─── Materials provided

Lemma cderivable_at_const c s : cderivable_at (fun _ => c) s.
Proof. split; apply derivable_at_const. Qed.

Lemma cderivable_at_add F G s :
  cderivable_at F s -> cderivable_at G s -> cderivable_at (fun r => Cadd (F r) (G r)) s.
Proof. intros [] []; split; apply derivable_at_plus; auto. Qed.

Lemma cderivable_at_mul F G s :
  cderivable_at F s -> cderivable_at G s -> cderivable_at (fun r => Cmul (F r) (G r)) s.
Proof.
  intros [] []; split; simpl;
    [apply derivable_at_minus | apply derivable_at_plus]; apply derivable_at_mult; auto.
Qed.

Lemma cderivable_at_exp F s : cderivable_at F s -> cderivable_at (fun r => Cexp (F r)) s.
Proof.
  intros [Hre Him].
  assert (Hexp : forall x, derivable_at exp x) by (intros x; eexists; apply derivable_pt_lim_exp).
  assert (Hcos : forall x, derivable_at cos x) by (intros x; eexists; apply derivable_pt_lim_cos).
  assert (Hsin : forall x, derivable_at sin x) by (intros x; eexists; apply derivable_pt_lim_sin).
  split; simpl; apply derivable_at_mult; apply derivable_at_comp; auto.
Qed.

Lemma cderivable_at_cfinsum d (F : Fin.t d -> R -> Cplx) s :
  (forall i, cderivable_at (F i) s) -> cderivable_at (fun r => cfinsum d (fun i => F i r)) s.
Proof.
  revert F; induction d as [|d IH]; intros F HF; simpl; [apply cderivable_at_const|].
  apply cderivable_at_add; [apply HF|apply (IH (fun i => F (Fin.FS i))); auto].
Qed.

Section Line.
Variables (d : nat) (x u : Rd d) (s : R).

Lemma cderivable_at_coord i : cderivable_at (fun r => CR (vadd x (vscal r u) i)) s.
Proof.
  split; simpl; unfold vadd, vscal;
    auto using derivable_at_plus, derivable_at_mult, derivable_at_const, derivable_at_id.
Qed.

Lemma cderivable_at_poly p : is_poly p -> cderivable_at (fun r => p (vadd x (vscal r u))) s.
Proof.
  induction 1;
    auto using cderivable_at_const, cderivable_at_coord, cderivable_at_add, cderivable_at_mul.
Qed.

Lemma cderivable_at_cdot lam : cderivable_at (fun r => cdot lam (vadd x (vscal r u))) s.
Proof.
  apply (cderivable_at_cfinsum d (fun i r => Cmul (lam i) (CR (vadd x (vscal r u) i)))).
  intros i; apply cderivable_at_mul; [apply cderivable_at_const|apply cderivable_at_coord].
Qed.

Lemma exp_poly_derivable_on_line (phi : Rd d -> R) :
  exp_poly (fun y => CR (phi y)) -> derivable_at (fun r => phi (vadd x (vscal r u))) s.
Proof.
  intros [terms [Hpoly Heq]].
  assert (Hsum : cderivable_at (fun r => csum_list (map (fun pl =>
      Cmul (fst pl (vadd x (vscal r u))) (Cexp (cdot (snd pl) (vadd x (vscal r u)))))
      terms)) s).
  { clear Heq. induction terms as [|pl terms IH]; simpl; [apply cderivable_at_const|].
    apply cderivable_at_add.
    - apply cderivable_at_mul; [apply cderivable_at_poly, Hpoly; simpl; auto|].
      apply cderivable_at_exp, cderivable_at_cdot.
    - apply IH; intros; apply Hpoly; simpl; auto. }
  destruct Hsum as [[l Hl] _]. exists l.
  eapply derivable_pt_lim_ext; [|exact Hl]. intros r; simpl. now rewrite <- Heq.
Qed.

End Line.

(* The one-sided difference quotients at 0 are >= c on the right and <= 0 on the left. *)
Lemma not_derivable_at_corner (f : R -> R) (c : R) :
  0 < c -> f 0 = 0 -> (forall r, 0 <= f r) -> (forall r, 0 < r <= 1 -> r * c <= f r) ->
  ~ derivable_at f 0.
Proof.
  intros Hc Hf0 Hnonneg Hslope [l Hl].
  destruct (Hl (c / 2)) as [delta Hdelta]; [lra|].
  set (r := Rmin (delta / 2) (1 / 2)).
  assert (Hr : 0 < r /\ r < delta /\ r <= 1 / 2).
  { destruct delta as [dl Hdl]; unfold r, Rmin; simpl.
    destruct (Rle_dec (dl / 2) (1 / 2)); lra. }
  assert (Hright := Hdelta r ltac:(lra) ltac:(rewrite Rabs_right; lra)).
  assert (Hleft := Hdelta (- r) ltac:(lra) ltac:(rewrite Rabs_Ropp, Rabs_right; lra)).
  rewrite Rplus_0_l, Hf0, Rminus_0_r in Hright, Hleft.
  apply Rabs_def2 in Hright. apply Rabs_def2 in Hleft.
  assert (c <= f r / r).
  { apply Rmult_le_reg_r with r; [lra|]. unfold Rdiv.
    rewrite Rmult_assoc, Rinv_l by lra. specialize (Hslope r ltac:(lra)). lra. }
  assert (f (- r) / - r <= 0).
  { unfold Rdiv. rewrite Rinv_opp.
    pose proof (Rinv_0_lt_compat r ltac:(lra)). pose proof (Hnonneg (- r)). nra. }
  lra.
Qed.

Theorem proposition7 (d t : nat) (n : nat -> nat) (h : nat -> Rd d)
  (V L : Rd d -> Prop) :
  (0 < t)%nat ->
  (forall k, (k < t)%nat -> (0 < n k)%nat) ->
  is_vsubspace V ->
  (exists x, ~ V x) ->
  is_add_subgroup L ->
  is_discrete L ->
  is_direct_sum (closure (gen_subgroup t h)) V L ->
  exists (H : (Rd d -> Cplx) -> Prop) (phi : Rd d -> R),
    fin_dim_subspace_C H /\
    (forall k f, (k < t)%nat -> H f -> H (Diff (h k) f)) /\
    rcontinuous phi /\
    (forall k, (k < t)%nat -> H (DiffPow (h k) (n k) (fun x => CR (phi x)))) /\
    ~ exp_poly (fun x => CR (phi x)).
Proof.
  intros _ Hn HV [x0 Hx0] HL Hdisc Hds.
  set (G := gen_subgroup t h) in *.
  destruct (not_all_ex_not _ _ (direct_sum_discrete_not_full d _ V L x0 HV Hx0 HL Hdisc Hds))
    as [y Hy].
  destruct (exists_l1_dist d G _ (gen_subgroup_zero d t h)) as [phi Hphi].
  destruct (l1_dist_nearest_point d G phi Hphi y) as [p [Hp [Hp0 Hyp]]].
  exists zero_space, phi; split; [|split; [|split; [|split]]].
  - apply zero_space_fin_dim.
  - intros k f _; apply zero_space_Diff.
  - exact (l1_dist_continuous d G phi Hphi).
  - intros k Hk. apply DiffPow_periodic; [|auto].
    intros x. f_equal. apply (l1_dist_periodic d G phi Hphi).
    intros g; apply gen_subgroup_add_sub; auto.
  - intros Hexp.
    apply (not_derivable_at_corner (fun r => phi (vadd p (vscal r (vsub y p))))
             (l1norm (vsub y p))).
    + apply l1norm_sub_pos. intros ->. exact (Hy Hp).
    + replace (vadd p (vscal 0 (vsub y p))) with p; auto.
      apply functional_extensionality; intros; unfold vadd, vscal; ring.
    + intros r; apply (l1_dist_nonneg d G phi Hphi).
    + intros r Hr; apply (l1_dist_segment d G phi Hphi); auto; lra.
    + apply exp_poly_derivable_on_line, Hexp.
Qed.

──────

Could you write out, exactly as they stand, only the lines above that begin at the line with "assert (Hsum : cderivable_at" and stop after the line with "destruct (Rle_dec (dl"?

◆ **Final answer**:
  assert (Hsum : cderivable_at (fun r => csum_list (map (fun pl =>
      Cmul (fst pl (vadd x (vscal r u))) (Cexp (cdot (snd pl) (vadd x (vscal r u)))))
      terms)) s).
  { clear Heq. induction terms as [|pl terms IH]; simpl; [apply cderivable_at_const|].
    apply cderivable_at_add.
    - apply cderivable_at_mul; [apply cderivable_at_poly, Hpoly; simpl; auto|].
      apply cderivable_at_exp, cderivable_at_cdot.
    - apply IH; intros; apply Hpoly; simpl; auto. }
  destruct Hsum as [[l Hl] _]. exists l.
  eapply derivable_pt_lim_ext; [|exact Hl]. intros r; simpl. now rewrite <- Heq.
Qed.

End Line.

(* The one-sided difference quotients at 0 are >= c on the right and <= 0 on the left. *)
Lemma not_derivable_at_corner (f : R -> R) (c : R) :
  0 < c -> f 0 = 0 -> (forall r, 0 <= f r) -> (forall r, 0 < r <= 1 -> r * c <= f r) ->
  ~ derivable_at f 0.
Proof.
  intros Hc Hf0 Hnonneg Hslope [l Hl].
  destruct (Hl (c / 2)) as [delta Hdelta]; [lra|].
  set (r := Rmin (delta / 2) (1 / 2)).
  assert (Hr : 0 < r /\ r < delta /\ r <= 1 / 2).
  { destruct delta as [dl Hdl]; unfold r, Rmin; simpl.
    destruct (Rle_dec (dl / 2) (1 / 2)); lra. }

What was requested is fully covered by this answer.